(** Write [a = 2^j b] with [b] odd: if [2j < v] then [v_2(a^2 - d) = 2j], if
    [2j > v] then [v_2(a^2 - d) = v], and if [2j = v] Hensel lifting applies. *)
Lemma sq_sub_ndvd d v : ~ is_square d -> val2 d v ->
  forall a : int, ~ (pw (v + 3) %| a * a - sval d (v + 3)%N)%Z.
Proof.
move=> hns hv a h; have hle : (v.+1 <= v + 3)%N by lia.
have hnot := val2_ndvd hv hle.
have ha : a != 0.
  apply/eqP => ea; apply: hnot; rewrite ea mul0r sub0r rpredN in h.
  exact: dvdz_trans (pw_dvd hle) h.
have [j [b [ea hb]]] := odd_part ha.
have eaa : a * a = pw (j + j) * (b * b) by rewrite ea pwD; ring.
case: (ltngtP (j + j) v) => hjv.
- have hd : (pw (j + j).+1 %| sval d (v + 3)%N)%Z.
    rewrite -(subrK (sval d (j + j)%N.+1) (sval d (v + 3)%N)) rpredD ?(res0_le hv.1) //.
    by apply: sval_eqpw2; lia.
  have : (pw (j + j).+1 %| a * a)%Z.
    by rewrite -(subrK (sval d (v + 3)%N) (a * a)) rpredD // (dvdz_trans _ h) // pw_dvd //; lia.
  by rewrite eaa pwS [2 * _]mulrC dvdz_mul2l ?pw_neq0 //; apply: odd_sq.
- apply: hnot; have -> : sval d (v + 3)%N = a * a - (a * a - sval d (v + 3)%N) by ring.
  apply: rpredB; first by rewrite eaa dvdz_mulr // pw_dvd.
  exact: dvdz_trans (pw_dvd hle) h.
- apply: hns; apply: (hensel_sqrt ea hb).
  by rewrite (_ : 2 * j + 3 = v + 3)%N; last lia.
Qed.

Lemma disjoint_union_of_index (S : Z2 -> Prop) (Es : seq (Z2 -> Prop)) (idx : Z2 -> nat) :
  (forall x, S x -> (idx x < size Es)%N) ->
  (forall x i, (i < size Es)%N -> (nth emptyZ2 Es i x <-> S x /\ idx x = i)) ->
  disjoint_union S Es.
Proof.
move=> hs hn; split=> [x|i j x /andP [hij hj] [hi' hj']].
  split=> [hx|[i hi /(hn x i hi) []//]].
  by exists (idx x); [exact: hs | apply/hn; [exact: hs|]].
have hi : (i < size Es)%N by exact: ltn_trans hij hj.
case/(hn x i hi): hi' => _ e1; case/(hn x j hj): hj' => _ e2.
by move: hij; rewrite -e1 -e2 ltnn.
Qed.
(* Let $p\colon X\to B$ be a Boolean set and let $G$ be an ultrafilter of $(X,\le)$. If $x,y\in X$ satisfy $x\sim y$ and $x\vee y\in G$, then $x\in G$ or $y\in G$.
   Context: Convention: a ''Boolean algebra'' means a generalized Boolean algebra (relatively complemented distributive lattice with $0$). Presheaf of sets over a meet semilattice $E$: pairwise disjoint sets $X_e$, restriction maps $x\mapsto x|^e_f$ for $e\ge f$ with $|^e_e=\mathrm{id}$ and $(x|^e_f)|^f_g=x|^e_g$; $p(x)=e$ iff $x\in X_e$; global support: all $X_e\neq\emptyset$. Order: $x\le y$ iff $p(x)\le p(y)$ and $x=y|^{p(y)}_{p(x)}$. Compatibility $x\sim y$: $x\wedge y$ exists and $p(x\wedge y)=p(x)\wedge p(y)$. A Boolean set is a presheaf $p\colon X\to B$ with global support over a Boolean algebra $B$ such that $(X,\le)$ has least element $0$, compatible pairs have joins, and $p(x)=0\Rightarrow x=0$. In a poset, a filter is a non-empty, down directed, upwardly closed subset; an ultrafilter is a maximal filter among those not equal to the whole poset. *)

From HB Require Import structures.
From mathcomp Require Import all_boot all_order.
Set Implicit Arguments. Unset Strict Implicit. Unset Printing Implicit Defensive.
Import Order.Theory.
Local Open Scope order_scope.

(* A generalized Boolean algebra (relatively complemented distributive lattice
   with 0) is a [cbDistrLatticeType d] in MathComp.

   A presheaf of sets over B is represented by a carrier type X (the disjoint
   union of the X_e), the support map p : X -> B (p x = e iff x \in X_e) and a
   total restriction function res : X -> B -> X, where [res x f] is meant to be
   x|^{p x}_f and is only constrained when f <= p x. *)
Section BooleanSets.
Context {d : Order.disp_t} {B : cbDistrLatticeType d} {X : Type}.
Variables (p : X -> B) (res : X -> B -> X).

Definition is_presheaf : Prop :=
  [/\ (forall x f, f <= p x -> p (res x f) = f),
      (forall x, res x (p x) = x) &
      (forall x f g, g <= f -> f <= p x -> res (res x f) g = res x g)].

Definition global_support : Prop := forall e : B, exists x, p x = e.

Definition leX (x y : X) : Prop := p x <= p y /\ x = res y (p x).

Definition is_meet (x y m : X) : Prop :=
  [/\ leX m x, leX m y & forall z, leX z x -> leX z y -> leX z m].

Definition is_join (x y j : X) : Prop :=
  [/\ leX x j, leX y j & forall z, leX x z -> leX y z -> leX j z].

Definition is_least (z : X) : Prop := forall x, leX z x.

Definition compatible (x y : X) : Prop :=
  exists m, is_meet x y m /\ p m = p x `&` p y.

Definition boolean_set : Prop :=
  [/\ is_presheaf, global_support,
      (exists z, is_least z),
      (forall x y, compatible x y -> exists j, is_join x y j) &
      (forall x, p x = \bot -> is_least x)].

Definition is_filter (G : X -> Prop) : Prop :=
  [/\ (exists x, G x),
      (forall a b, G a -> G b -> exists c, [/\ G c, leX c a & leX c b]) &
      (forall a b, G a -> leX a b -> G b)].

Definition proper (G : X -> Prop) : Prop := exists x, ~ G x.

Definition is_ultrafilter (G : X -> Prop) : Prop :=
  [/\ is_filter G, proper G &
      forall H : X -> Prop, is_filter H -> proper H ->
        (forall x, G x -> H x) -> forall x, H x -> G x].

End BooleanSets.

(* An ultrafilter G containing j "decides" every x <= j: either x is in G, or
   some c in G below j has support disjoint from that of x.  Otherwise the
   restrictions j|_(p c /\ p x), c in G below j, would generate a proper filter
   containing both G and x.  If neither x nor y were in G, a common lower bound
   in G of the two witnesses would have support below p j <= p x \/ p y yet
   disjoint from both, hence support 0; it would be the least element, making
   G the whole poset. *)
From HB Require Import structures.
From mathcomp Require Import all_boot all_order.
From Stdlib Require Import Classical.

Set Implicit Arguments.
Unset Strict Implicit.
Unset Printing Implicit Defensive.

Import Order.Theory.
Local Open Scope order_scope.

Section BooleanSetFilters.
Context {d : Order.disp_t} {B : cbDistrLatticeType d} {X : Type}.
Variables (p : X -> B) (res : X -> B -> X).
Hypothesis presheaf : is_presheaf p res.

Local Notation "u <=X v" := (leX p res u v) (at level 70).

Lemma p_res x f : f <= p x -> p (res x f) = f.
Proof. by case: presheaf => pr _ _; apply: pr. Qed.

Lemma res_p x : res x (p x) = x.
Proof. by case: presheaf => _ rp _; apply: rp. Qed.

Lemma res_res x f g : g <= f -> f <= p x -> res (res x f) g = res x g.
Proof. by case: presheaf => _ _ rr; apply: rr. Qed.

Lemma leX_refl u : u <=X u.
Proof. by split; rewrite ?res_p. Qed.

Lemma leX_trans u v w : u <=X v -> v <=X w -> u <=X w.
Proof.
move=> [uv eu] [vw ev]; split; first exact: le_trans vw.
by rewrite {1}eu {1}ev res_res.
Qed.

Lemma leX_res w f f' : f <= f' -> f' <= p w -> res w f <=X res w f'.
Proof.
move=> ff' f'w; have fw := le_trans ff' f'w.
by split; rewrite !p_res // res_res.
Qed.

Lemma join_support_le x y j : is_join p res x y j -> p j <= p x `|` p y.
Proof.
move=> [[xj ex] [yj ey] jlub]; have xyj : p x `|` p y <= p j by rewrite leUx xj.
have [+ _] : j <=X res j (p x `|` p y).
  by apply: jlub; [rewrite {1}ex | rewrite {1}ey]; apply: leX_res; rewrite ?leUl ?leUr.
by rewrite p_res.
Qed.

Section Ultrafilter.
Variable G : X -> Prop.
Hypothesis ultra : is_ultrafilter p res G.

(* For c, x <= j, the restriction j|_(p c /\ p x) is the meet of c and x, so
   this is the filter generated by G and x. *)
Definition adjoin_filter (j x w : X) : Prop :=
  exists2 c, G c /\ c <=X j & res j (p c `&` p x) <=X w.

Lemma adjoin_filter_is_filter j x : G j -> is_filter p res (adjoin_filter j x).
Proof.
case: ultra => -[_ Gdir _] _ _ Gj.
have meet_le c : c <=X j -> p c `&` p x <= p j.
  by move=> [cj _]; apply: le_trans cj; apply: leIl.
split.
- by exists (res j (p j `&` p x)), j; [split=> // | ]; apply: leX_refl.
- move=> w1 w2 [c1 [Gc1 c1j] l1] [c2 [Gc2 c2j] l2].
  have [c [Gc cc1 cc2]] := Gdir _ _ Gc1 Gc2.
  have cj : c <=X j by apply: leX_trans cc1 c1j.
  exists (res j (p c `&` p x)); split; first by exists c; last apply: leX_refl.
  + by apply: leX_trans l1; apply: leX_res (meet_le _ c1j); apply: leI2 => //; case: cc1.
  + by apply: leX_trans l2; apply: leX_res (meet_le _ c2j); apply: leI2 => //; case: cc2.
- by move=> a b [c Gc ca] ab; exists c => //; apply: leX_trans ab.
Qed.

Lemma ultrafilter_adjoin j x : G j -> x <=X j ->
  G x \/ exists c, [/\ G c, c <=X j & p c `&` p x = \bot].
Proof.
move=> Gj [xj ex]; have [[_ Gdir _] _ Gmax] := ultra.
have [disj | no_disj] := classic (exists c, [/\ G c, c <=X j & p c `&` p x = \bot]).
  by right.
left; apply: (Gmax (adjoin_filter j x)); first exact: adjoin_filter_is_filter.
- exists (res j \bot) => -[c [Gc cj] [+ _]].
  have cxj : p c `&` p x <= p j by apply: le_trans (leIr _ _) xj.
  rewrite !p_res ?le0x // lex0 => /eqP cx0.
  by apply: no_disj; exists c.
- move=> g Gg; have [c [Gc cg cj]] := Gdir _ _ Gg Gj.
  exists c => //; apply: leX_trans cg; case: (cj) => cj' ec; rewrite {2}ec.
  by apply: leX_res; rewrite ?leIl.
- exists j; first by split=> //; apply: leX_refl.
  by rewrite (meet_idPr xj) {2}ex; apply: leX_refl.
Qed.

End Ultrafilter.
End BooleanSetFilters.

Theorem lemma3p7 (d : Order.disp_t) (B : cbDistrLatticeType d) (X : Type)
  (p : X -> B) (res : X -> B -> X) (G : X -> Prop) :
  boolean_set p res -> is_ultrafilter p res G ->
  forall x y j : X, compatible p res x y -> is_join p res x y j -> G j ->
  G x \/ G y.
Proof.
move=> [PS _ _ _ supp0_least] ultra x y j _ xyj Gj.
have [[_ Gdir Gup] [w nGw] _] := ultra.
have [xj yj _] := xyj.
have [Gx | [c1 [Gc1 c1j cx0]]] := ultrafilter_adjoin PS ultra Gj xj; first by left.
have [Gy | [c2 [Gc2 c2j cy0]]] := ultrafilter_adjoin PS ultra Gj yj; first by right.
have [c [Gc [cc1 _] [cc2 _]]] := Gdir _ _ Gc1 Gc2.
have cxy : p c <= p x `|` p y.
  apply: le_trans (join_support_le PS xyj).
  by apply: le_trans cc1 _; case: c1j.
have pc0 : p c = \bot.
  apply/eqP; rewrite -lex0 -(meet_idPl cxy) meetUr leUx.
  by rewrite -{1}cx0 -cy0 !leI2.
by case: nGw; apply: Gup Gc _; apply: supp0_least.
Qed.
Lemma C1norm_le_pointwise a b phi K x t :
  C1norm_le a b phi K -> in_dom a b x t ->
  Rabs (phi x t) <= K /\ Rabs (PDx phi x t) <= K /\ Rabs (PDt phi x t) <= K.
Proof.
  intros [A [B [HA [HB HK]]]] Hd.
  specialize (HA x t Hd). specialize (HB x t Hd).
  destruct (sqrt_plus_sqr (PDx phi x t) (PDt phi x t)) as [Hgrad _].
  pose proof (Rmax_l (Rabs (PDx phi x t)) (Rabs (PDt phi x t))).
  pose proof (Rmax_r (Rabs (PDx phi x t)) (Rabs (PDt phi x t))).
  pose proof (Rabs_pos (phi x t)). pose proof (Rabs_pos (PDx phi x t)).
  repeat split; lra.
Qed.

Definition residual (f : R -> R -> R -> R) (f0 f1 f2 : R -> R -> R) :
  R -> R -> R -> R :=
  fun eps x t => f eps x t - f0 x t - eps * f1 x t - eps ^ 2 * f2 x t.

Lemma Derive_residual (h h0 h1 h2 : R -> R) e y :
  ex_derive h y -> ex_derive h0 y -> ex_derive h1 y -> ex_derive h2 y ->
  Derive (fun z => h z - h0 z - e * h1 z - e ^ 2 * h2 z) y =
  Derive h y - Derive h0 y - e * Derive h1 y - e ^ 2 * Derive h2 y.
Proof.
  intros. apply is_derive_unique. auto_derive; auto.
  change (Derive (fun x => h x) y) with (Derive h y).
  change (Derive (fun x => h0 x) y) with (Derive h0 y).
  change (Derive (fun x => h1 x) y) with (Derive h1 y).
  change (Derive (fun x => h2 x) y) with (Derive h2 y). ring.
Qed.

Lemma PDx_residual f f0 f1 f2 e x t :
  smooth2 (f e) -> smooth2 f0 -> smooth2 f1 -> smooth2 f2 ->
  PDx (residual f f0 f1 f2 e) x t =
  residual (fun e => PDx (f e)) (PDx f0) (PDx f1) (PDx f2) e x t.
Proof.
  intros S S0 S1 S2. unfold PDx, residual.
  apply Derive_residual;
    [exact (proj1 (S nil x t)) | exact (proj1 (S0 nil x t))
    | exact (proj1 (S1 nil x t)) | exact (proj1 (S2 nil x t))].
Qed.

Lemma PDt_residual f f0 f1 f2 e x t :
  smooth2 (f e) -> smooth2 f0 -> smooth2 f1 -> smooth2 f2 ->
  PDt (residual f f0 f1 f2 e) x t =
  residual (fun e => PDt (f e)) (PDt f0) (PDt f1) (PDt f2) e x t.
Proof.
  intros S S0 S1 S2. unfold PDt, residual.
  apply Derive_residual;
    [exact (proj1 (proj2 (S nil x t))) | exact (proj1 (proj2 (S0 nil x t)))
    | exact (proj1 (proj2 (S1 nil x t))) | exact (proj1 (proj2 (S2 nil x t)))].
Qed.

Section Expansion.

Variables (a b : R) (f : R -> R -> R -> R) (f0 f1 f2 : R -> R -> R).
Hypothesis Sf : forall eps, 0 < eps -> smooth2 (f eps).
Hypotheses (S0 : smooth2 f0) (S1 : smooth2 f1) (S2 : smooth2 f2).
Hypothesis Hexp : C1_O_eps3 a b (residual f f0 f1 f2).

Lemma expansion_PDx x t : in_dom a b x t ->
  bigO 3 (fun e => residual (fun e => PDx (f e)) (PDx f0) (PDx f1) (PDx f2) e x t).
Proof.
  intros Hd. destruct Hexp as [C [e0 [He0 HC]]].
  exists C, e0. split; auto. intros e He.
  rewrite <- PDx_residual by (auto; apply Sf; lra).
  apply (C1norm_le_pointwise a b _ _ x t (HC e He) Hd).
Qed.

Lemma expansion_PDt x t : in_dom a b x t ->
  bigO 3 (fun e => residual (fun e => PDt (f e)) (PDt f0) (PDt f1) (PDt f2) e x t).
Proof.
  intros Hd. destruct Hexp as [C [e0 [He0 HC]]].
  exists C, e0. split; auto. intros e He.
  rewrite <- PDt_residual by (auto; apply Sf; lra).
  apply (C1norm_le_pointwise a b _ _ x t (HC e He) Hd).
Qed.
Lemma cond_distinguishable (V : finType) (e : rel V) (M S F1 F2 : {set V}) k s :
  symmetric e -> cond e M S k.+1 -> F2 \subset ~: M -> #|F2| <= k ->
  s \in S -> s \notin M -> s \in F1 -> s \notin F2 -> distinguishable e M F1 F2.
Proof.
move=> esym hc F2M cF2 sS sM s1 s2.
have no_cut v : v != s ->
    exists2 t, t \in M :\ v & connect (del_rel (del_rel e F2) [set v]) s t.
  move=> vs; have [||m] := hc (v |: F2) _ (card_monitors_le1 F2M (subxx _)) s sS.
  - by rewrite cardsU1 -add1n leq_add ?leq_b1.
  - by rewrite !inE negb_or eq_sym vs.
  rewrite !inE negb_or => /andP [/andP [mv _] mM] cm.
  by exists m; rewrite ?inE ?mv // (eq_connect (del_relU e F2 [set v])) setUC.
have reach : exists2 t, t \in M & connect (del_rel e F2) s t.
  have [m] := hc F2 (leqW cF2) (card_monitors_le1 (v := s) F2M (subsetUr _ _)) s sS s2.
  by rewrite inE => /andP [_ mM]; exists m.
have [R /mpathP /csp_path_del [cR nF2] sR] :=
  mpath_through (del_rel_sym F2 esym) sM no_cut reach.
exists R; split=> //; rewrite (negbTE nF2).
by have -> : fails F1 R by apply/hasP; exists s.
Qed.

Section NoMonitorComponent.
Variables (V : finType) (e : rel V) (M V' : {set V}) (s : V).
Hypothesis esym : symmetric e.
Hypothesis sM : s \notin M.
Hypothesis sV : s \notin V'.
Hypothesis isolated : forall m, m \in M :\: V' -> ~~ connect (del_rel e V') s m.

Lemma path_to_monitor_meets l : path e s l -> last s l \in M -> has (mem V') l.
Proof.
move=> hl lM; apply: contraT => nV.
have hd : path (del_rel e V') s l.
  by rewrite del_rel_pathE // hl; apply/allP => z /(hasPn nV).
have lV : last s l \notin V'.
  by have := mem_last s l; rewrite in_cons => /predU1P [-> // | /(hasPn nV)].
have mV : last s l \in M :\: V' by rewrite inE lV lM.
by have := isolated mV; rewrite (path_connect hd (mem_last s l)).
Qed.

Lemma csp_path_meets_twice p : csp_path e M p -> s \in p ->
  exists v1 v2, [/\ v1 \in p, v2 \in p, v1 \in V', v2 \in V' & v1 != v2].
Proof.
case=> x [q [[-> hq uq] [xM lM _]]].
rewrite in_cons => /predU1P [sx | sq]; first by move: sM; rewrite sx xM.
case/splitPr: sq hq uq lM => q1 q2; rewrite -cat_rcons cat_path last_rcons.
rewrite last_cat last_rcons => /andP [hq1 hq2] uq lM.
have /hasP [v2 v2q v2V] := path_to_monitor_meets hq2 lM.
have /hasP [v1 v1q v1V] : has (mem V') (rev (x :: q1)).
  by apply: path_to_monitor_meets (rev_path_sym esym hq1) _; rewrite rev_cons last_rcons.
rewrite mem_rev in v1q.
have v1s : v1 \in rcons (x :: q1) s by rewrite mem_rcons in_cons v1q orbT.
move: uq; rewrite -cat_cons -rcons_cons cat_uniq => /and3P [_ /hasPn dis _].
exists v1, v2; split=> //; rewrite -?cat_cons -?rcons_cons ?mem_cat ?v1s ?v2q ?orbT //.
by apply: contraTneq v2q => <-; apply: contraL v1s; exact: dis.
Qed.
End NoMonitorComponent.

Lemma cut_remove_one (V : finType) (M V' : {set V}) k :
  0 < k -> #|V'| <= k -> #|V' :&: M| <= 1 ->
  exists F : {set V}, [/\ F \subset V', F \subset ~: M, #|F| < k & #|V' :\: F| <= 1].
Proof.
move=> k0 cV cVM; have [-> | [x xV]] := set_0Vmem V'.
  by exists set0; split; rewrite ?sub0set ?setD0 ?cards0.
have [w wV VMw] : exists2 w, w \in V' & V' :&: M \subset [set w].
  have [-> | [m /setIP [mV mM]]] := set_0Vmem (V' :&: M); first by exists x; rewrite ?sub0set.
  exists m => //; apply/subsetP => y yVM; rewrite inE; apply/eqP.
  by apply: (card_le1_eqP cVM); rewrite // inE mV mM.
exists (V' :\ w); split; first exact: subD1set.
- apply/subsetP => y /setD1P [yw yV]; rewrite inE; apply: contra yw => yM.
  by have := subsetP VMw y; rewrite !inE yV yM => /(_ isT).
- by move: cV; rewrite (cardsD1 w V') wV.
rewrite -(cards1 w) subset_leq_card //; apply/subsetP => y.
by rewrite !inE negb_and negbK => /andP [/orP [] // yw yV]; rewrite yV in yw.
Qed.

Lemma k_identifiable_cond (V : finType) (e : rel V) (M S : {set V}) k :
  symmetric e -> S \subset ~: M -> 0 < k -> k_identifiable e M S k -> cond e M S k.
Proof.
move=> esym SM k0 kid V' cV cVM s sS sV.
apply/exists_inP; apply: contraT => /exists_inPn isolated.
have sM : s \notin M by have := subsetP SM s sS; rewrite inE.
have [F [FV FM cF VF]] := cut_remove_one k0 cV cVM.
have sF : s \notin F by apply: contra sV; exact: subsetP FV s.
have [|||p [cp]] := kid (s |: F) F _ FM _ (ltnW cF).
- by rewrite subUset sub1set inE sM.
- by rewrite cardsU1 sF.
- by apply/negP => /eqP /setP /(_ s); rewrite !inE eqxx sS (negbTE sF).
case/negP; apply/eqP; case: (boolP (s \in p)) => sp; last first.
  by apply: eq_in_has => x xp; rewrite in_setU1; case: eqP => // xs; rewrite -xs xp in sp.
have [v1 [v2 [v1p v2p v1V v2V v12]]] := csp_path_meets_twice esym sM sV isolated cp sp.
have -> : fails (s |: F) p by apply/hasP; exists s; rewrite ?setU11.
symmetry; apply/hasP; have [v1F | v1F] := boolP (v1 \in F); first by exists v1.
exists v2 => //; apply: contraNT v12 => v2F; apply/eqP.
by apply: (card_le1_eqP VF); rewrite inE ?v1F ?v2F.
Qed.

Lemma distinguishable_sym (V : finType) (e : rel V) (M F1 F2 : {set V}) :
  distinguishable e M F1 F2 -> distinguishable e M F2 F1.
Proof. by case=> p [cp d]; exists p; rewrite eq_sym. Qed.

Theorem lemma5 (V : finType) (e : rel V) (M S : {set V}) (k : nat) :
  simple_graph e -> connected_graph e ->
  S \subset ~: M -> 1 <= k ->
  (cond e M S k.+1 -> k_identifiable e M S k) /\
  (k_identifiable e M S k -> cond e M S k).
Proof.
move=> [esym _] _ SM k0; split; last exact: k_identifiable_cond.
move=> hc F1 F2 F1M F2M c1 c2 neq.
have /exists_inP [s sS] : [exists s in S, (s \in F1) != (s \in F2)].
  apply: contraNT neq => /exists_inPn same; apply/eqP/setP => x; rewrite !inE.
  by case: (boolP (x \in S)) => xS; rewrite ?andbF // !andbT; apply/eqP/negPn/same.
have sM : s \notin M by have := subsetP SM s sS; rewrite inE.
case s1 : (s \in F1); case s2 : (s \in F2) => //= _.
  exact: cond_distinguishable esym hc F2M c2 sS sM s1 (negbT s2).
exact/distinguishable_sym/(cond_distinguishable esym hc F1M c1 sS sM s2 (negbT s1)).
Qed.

####

Your objective: Write out again, exactly, the lines from the start of the entries up to and including the one with "have [j [b [ea hb]]] := odd_part ha.". Nothing else belongs in the reply.

Exercise response:
(** Write [a = 2^j b] with [b] odd: if [2j < v] then [v_2(a^2 - d) = 2j], if
    [2j > v] then [v_2(a^2 - d) = v], and if [2j = v] Hensel lifting applies. *)
Lemma sq_sub_ndvd d v : ~ is_square d -> val2 d v ->
  forall a : int, ~ (pw (v + 3) %| a * a - sval d (v + 3)%N)%Z.
Proof.
move=> hns hv a h; have hle : (v.+1 <= v + 3)%N by lia.
have hnot := val2_ndvd hv hle.
have ha : a != 0.
  apply/eqP => ea; apply: hnot; rewrite ea mul0r sub0r rpredN in h.
  exact: dvdz_trans (pw_dvd hle) h.
have [j [b [ea hb]]] := odd_part ha.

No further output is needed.